[Extracted data entries]

Segment Open

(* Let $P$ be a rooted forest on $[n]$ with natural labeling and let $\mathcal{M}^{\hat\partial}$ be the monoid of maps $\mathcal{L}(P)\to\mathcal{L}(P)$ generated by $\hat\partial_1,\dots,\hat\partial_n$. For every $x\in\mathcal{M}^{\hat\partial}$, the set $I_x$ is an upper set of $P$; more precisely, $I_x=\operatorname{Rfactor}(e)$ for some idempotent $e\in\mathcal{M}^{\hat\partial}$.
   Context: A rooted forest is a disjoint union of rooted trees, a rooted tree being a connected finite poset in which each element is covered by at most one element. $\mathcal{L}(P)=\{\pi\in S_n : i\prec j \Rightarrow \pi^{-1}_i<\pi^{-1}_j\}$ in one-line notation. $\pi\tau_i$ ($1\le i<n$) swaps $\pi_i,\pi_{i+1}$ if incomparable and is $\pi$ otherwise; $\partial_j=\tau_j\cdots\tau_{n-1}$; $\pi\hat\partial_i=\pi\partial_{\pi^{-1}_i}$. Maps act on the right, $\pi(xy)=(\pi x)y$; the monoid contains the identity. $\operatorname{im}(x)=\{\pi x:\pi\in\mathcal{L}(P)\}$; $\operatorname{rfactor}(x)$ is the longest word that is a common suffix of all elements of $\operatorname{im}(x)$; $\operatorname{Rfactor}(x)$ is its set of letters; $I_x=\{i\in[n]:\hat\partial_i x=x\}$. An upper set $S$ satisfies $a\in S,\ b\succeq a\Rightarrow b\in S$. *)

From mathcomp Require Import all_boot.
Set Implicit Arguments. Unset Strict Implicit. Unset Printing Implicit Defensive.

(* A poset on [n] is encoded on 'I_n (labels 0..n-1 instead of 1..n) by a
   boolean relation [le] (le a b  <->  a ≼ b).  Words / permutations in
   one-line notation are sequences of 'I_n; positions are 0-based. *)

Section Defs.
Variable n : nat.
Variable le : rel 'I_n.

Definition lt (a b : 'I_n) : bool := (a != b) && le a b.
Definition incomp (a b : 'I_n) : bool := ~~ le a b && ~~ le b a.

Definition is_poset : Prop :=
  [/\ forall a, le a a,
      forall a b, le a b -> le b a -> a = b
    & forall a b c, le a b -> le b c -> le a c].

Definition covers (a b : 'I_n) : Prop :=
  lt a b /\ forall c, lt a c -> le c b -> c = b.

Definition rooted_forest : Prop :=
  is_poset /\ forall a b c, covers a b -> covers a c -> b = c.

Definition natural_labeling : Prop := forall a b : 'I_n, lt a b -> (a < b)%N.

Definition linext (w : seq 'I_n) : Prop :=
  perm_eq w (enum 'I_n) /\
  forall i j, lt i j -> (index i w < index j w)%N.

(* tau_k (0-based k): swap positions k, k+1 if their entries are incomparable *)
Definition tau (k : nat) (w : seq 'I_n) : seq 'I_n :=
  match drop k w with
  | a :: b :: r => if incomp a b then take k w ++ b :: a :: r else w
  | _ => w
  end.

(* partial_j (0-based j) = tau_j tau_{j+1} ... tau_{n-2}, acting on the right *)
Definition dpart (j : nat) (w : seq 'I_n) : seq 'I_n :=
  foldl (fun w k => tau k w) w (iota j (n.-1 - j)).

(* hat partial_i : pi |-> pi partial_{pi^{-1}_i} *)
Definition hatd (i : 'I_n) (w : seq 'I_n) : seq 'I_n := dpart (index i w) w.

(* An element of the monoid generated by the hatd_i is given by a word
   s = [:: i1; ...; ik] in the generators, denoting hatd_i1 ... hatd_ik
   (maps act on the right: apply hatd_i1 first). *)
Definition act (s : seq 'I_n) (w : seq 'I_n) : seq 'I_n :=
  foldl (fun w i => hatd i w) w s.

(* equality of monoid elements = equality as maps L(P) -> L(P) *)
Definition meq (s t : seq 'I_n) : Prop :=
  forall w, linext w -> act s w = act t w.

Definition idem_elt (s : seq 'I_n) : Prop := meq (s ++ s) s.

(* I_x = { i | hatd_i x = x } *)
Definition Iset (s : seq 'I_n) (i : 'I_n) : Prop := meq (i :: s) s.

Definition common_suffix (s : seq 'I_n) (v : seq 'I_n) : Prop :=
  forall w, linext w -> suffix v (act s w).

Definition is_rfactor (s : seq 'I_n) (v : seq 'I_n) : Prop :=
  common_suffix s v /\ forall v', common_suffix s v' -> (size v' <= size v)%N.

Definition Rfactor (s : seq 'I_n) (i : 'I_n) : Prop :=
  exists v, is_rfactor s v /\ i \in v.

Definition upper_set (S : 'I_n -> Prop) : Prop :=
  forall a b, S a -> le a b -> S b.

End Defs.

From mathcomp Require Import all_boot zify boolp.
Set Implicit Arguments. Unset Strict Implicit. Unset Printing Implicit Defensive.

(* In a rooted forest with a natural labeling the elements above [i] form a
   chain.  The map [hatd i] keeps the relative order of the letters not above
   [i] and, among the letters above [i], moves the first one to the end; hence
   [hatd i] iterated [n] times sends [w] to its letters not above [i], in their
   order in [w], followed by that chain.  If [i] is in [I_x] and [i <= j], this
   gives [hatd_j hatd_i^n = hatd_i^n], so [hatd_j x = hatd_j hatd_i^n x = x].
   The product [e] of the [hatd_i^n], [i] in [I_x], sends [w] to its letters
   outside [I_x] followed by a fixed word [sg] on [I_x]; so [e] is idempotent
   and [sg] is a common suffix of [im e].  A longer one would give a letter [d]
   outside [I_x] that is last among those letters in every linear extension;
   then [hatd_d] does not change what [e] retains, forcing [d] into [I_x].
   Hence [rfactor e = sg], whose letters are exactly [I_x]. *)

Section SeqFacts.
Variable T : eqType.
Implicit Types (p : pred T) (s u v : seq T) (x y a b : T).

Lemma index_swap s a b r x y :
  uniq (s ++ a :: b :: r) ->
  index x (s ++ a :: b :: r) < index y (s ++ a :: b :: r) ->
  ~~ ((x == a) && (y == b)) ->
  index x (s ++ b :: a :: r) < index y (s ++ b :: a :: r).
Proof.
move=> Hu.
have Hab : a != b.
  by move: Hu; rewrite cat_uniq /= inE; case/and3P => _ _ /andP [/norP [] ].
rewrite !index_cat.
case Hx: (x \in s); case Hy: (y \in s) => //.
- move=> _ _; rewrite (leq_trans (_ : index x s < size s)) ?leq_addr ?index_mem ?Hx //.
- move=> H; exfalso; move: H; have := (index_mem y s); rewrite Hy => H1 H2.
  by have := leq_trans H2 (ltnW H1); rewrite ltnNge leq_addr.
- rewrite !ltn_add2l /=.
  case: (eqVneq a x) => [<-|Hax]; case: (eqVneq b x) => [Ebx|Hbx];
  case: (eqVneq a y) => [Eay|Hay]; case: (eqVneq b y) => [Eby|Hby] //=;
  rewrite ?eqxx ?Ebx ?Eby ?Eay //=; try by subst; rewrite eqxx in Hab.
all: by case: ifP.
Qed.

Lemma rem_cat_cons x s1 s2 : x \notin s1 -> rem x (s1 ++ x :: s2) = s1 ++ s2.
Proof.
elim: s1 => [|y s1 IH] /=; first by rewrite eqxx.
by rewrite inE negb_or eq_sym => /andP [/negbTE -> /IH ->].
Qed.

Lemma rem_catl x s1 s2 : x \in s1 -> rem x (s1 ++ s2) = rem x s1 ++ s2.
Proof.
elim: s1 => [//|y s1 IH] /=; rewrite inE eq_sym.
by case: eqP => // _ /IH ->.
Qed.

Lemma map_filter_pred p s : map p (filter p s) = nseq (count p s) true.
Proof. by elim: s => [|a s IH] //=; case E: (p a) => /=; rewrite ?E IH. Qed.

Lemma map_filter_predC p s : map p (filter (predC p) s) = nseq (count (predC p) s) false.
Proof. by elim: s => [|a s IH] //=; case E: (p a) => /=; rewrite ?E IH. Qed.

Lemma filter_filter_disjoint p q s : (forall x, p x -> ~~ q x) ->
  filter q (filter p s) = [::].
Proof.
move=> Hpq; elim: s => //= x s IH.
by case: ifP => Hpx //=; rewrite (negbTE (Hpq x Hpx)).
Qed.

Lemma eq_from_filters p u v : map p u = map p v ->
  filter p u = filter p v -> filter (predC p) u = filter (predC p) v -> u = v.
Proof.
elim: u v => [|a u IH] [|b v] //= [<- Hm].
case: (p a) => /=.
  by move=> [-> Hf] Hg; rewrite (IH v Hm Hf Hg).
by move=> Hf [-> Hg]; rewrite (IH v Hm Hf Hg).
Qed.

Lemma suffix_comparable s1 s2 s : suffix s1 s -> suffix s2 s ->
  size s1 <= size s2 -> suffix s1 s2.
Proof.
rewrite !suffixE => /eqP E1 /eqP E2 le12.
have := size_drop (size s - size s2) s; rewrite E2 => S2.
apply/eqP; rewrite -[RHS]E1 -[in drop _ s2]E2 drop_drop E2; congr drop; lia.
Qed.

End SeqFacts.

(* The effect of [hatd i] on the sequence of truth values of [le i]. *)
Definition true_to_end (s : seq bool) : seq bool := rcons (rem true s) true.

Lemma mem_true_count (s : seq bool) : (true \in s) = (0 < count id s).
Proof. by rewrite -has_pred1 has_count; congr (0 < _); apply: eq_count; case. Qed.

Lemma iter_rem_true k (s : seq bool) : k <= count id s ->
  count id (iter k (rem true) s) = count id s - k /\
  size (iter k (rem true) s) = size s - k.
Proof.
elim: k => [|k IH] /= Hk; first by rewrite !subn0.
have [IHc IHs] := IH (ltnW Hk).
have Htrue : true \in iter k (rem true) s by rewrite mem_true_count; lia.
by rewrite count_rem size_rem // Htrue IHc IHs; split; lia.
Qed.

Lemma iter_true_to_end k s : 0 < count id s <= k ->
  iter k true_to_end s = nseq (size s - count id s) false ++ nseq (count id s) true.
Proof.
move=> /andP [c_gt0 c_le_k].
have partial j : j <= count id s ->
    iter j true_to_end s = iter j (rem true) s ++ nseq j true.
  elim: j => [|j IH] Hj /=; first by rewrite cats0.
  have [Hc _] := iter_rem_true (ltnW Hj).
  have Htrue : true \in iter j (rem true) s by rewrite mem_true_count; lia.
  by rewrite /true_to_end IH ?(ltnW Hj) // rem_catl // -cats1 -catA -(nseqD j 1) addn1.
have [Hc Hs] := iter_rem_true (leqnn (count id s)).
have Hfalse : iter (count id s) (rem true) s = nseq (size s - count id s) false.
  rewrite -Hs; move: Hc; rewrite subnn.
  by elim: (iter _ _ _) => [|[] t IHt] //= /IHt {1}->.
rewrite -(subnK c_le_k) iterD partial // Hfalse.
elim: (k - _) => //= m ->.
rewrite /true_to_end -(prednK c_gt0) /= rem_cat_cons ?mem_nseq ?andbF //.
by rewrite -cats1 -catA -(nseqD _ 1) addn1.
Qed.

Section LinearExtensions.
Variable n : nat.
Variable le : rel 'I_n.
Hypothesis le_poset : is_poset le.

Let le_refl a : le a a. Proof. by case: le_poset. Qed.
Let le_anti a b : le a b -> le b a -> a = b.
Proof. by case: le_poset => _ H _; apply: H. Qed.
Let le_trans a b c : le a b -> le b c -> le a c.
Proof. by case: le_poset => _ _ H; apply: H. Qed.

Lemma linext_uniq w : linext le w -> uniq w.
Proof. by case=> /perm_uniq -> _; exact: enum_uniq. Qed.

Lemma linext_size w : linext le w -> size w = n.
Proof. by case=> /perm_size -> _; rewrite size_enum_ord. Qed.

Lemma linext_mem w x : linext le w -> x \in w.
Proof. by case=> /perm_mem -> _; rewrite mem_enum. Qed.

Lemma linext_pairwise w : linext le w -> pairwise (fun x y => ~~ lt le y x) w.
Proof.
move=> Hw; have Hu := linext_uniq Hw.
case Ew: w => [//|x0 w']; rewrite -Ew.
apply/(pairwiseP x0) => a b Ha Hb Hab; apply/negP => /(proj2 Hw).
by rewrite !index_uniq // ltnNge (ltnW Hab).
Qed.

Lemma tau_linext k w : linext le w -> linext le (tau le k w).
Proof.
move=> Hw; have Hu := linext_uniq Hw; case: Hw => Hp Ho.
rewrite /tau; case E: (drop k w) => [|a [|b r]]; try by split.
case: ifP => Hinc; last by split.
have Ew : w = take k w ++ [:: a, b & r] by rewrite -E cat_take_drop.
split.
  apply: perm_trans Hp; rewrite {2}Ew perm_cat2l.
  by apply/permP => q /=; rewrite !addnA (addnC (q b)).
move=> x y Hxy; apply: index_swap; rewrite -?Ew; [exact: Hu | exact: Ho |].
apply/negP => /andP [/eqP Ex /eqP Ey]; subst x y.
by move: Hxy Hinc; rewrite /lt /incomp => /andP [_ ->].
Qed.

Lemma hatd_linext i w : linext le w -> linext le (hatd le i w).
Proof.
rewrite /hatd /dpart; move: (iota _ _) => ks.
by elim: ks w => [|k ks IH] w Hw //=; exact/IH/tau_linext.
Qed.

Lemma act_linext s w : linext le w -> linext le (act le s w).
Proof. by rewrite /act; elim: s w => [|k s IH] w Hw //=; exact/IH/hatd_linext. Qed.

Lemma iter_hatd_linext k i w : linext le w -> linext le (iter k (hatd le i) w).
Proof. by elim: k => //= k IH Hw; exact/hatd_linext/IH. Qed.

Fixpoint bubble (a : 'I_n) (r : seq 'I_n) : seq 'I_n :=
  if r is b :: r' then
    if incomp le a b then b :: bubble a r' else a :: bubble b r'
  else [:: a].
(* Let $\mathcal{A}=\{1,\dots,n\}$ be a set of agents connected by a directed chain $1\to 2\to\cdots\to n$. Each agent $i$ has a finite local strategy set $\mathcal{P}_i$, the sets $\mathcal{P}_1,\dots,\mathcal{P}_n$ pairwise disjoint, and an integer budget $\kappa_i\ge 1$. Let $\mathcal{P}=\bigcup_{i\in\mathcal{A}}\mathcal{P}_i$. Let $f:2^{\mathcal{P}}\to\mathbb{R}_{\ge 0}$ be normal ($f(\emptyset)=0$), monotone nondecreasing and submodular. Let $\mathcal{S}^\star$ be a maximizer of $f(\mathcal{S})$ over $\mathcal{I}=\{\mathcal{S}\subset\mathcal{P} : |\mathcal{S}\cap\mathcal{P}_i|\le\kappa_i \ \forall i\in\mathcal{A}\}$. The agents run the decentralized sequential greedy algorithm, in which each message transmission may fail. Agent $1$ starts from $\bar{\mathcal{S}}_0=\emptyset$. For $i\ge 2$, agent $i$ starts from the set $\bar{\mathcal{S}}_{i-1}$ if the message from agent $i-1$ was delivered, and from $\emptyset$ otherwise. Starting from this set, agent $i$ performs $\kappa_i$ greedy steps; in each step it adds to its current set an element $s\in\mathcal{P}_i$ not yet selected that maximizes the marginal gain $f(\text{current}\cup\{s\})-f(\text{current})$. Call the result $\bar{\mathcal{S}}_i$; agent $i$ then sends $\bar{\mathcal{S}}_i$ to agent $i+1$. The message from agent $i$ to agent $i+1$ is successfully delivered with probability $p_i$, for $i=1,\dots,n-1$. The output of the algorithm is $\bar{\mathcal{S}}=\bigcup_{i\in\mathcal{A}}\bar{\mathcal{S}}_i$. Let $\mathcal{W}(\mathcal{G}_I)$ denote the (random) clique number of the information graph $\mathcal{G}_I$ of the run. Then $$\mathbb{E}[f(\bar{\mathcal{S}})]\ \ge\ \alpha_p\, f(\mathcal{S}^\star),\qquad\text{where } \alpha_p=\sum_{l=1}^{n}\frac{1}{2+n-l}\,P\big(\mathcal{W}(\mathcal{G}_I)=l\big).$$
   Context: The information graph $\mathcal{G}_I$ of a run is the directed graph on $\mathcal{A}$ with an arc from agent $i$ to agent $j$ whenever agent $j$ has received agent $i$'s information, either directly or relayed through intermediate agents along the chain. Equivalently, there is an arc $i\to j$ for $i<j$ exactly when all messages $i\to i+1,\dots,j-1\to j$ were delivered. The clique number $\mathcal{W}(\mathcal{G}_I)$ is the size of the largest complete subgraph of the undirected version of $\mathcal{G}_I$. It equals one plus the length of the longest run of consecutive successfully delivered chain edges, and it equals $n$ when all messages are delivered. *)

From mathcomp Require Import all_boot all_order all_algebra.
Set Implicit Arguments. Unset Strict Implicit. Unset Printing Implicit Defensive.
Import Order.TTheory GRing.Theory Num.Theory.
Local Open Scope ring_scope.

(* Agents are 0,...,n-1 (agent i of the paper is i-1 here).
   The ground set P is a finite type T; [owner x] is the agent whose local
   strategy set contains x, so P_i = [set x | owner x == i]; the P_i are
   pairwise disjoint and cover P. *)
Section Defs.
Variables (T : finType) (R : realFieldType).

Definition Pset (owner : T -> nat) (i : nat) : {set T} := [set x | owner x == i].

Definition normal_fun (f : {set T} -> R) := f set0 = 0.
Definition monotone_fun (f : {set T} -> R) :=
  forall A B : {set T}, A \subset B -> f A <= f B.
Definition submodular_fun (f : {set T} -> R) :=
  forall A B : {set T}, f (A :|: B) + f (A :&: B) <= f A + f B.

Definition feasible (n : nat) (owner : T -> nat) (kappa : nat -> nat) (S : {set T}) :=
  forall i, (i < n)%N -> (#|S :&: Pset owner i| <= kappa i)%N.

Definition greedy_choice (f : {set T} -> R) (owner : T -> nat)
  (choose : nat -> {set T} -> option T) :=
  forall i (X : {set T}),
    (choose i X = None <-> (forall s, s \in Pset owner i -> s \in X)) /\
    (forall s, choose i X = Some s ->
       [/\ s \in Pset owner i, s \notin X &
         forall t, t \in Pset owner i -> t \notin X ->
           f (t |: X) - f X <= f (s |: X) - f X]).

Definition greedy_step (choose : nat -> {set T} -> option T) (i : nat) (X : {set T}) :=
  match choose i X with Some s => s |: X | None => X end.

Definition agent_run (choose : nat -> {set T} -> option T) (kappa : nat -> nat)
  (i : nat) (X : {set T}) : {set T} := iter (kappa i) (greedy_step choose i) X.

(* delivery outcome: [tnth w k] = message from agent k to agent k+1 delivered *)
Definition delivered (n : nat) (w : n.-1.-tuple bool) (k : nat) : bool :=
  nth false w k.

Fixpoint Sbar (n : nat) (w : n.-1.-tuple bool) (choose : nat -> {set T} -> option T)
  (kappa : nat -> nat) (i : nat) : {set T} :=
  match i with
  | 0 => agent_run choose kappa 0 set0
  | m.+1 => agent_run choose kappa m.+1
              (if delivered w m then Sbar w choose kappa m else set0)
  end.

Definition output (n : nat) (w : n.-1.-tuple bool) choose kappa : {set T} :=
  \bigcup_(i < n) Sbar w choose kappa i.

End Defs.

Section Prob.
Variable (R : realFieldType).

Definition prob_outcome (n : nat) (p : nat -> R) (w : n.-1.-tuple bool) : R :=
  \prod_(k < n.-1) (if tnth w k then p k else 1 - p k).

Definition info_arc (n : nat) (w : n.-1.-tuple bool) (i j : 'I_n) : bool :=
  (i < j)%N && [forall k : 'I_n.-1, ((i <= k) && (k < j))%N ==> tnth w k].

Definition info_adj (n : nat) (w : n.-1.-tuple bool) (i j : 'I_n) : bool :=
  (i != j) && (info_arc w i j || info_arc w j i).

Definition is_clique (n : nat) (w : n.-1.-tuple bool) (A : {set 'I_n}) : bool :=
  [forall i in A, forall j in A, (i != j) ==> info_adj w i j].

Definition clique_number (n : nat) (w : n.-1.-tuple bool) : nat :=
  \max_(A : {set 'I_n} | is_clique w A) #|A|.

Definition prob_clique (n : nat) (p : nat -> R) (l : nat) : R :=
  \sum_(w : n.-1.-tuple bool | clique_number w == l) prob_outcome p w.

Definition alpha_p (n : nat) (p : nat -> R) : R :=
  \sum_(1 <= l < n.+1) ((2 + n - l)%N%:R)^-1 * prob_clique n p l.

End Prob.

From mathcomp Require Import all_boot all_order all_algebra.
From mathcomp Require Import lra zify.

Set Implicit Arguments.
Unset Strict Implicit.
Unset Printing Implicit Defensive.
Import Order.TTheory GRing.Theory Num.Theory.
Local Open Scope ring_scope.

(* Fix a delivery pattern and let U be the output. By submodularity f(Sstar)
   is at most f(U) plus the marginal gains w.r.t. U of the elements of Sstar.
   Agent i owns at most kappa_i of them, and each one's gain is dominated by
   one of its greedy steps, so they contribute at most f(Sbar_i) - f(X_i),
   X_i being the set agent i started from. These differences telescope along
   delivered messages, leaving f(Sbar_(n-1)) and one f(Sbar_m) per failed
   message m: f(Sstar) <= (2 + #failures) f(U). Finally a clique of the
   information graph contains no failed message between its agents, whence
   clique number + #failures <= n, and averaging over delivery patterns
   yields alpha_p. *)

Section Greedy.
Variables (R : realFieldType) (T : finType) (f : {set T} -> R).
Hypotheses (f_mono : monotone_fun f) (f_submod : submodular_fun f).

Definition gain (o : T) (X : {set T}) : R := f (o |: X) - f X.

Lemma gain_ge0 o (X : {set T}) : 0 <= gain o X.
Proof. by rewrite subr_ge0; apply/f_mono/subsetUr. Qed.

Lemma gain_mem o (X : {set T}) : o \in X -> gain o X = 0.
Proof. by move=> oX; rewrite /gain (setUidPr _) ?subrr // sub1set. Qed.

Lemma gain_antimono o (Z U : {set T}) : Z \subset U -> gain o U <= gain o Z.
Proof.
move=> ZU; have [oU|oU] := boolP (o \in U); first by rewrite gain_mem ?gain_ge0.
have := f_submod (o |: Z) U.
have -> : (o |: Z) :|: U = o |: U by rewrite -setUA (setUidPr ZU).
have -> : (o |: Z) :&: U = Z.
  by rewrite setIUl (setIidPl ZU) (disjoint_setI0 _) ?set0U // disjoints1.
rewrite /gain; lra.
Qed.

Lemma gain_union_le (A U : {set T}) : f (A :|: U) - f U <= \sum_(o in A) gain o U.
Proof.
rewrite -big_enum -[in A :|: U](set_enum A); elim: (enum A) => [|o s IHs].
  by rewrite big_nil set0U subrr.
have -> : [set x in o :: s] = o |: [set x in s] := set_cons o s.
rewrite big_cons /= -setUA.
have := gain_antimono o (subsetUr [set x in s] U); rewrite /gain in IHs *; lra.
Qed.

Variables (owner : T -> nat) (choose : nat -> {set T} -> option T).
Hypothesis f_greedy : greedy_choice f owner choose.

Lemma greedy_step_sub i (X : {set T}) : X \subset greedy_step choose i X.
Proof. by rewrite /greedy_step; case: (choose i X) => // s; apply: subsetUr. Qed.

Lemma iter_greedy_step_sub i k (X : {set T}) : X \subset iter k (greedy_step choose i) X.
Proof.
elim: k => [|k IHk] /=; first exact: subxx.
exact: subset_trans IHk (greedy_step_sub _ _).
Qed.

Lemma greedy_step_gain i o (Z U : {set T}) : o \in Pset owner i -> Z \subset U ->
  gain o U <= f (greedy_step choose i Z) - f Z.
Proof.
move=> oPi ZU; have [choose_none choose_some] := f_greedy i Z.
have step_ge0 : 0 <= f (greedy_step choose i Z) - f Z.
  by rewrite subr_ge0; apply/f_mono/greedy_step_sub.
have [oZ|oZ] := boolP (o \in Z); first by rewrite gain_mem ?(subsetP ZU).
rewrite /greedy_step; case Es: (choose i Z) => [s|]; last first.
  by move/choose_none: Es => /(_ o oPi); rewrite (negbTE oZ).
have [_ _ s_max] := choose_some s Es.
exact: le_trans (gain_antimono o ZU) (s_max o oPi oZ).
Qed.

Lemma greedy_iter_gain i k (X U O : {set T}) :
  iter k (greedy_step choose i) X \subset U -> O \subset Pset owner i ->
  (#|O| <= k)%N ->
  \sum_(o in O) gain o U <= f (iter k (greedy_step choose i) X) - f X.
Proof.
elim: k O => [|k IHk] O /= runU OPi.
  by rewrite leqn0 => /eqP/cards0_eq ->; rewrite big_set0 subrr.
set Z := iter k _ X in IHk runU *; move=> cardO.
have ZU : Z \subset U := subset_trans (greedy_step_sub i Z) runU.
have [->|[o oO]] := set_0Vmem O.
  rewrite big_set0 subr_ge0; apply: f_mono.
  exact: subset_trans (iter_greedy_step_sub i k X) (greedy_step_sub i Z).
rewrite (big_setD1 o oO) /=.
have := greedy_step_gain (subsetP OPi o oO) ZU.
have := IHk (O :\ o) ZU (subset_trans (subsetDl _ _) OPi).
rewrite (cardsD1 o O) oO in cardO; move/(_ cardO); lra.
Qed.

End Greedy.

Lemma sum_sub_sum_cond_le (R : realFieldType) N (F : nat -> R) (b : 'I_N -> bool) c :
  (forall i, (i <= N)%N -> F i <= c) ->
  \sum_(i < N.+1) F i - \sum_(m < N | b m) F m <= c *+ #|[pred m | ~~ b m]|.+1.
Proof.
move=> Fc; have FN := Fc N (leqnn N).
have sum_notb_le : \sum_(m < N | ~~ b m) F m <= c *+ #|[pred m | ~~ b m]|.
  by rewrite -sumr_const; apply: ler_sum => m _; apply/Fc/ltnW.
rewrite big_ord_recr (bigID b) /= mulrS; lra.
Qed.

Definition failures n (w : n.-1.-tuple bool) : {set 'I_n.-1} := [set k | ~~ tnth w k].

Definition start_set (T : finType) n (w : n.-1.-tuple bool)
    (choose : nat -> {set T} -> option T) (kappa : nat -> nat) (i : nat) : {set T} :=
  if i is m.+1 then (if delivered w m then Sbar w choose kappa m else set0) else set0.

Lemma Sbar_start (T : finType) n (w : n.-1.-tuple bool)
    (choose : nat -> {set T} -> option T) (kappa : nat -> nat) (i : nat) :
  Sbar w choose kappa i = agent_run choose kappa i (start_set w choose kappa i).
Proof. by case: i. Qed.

Segment Closed

PROMPT: Would you output, from the records above, exactly the run of lines that starts at the line containing "apply/eqP; rewrite -[RHS]E1" and ends at the line containing "Proof. by rewrite -has_pred1", and only that run?

EXERCISE RESULT:
apply/eqP; rewrite -[RHS]E1 -[in drop _ s2]E2 drop_drop E2; congr drop; lia.
Qed.

End SeqFacts.

(* The effect of [hatd i] on the sequence of truth values of [le i]. *)
Definition true_to_end (s : seq bool) : seq bool := rcons (rem true s) true.

Lemma mem_true_count (s : seq bool) : (true \in s) = (0 < count id s).
Proof. by rewrite -has_pred1 has_count; congr (0 < _); apply: eq_count; case. Qed.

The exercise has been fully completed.